YOUR GOAL → Given the records below, would you repeat exactly the lines that begin at the one containing "(1 < m)%N -> a != 0" and end at the one containing "rewrite ltnS => le_pq.", inclusive?

INPUT →
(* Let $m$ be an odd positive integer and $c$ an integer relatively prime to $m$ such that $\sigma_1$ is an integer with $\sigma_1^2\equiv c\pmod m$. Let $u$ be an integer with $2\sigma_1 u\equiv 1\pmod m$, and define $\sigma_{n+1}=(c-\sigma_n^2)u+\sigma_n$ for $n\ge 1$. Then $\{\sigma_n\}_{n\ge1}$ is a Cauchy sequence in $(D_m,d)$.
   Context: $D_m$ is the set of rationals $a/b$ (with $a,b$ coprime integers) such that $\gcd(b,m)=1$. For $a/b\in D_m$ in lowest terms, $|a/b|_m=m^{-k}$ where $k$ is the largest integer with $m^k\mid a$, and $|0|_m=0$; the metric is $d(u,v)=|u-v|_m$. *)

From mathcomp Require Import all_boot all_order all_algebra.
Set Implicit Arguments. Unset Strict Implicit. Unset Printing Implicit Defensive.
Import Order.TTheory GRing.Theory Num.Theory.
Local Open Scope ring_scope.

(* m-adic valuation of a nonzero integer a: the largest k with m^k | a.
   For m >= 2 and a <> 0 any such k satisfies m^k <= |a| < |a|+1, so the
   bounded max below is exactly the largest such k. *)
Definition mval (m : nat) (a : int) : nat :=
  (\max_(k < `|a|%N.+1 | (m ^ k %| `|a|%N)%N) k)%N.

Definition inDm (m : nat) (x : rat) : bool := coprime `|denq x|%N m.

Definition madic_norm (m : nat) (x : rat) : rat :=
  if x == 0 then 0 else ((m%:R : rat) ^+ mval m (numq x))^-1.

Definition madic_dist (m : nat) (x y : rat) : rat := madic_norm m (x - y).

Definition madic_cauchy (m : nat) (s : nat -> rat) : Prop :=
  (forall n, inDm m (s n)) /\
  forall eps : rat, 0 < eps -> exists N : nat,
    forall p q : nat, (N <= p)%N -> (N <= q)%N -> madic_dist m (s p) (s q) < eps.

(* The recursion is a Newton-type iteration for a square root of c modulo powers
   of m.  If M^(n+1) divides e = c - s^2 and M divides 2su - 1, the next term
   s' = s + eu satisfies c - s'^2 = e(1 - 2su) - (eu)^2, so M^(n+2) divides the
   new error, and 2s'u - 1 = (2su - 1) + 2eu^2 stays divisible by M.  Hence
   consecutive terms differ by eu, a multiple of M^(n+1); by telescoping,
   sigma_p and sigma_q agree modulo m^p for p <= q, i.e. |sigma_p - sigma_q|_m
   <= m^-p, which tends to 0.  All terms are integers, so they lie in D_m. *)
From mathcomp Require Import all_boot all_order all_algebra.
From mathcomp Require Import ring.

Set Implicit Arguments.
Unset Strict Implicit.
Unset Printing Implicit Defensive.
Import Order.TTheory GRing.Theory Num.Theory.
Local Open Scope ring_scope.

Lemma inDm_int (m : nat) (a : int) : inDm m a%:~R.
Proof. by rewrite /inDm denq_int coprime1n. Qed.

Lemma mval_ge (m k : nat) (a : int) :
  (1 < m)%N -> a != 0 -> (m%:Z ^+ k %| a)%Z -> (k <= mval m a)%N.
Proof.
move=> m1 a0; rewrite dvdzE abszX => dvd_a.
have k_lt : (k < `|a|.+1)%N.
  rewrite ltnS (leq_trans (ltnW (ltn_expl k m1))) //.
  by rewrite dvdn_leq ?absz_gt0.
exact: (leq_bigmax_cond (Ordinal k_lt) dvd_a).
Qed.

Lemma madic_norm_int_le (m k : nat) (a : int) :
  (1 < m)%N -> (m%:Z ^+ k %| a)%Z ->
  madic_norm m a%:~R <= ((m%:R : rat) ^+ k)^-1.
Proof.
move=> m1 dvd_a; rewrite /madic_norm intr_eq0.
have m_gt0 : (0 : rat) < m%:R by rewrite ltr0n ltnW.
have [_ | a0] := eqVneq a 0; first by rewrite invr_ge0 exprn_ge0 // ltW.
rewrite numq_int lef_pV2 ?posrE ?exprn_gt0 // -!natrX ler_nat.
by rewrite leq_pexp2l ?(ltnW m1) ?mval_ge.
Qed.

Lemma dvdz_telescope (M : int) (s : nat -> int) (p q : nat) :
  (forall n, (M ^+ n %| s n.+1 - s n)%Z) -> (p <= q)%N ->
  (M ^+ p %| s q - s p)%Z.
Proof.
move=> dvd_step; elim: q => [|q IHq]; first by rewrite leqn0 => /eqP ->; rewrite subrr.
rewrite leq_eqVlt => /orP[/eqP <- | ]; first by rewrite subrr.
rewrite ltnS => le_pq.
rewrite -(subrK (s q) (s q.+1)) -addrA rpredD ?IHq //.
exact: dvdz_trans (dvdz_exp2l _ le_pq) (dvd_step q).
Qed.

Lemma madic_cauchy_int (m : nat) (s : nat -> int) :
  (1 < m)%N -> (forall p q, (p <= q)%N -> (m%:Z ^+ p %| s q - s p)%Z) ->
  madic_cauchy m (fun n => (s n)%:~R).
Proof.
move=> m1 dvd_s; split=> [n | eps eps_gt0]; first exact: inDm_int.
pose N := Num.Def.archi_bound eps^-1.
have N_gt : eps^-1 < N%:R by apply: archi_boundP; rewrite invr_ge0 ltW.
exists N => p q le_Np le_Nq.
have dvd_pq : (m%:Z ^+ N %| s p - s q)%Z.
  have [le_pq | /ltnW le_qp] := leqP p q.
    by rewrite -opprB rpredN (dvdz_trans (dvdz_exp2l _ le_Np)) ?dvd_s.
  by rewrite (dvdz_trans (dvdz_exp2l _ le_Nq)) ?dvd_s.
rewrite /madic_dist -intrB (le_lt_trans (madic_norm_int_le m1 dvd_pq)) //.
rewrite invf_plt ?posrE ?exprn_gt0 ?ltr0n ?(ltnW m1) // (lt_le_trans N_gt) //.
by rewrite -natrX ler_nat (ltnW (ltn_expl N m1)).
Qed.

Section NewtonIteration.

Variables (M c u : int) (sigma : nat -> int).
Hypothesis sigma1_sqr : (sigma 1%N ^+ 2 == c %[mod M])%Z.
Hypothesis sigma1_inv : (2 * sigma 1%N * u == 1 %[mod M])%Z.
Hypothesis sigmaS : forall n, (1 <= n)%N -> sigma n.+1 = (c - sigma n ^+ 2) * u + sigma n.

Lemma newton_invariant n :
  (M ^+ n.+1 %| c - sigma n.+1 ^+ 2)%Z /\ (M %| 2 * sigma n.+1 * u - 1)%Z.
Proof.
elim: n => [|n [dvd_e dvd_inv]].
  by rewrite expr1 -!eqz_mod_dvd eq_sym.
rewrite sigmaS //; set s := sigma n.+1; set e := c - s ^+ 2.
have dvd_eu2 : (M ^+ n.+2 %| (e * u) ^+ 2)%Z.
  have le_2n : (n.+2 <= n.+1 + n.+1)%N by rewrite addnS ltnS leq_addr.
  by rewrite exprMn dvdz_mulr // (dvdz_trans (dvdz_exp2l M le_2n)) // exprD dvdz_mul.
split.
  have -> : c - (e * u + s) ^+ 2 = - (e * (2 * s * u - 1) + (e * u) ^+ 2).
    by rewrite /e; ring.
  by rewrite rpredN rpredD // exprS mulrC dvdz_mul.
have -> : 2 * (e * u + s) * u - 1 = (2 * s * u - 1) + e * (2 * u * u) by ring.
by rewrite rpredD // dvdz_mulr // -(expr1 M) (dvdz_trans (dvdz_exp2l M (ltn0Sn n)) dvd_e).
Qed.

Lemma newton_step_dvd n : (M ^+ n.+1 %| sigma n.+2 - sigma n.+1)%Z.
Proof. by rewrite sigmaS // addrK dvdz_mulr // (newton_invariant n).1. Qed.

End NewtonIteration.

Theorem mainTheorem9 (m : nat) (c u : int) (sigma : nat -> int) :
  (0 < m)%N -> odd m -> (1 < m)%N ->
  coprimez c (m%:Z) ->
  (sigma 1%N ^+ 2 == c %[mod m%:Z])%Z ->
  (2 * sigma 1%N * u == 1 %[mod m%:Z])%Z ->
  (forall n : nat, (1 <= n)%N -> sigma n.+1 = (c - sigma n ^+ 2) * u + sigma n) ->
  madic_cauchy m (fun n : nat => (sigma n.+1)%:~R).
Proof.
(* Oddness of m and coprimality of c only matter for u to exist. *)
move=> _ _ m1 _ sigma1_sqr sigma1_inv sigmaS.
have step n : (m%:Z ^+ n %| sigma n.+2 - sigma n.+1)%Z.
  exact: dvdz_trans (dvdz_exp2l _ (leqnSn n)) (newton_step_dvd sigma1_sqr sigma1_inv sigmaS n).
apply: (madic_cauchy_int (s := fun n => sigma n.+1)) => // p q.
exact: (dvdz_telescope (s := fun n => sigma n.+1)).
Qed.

SOLVED PROBLEM →
  (1 < m)%N -> a != 0 -> (m%:Z ^+ k %| a)%Z -> (k <= mval m a)%N.
Proof.
move=> m1 a0; rewrite dvdzE abszX => dvd_a.
have k_lt : (k < `|a|.+1)%N.
  rewrite ltnS (leq_trans (ltnW (ltn_expl k m1))) //.
  by rewrite dvdn_leq ?absz_gt0.
exact: (leq_bigmax_cond (Ordinal k_lt) dvd_a).
Qed.

Lemma madic_norm_int_le (m k : nat) (a : int) :
  (1 < m)%N -> (m%:Z ^+ k %| a)%Z ->
  madic_norm m a%:~R <= ((m%:R : rat) ^+ k)^-1.
Proof.
move=> m1 dvd_a; rewrite /madic_norm intr_eq0.
have m_gt0 : (0 : rat) < m%:R by rewrite ltr0n ltnW.
have [_ | a0] := eqVneq a 0; first by rewrite invr_ge0 exprn_ge0 // ltW.
rewrite numq_int lef_pV2 ?posrE ?exprn_gt0 // -!natrX ler_nat.
by rewrite leq_pexp2l ?(ltnW m1) ?mval_ge.
Qed.

Lemma dvdz_telescope (M : int) (s : nat -> int) (p q : nat) :
  (forall n, (M ^+ n %| s n.+1 - s n)%Z) -> (p <= q)%N ->
  (M ^+ p %| s q - s p)%Z.
Proof.
move=> dvd_step; elim: q => [|q IHq]; first by rewrite leqn0 => /eqP ->; rewrite subrr.
rewrite leq_eqVlt => /orP[/eqP <- | ]; first by rewrite subrr.
rewrite ltnS => le_pq.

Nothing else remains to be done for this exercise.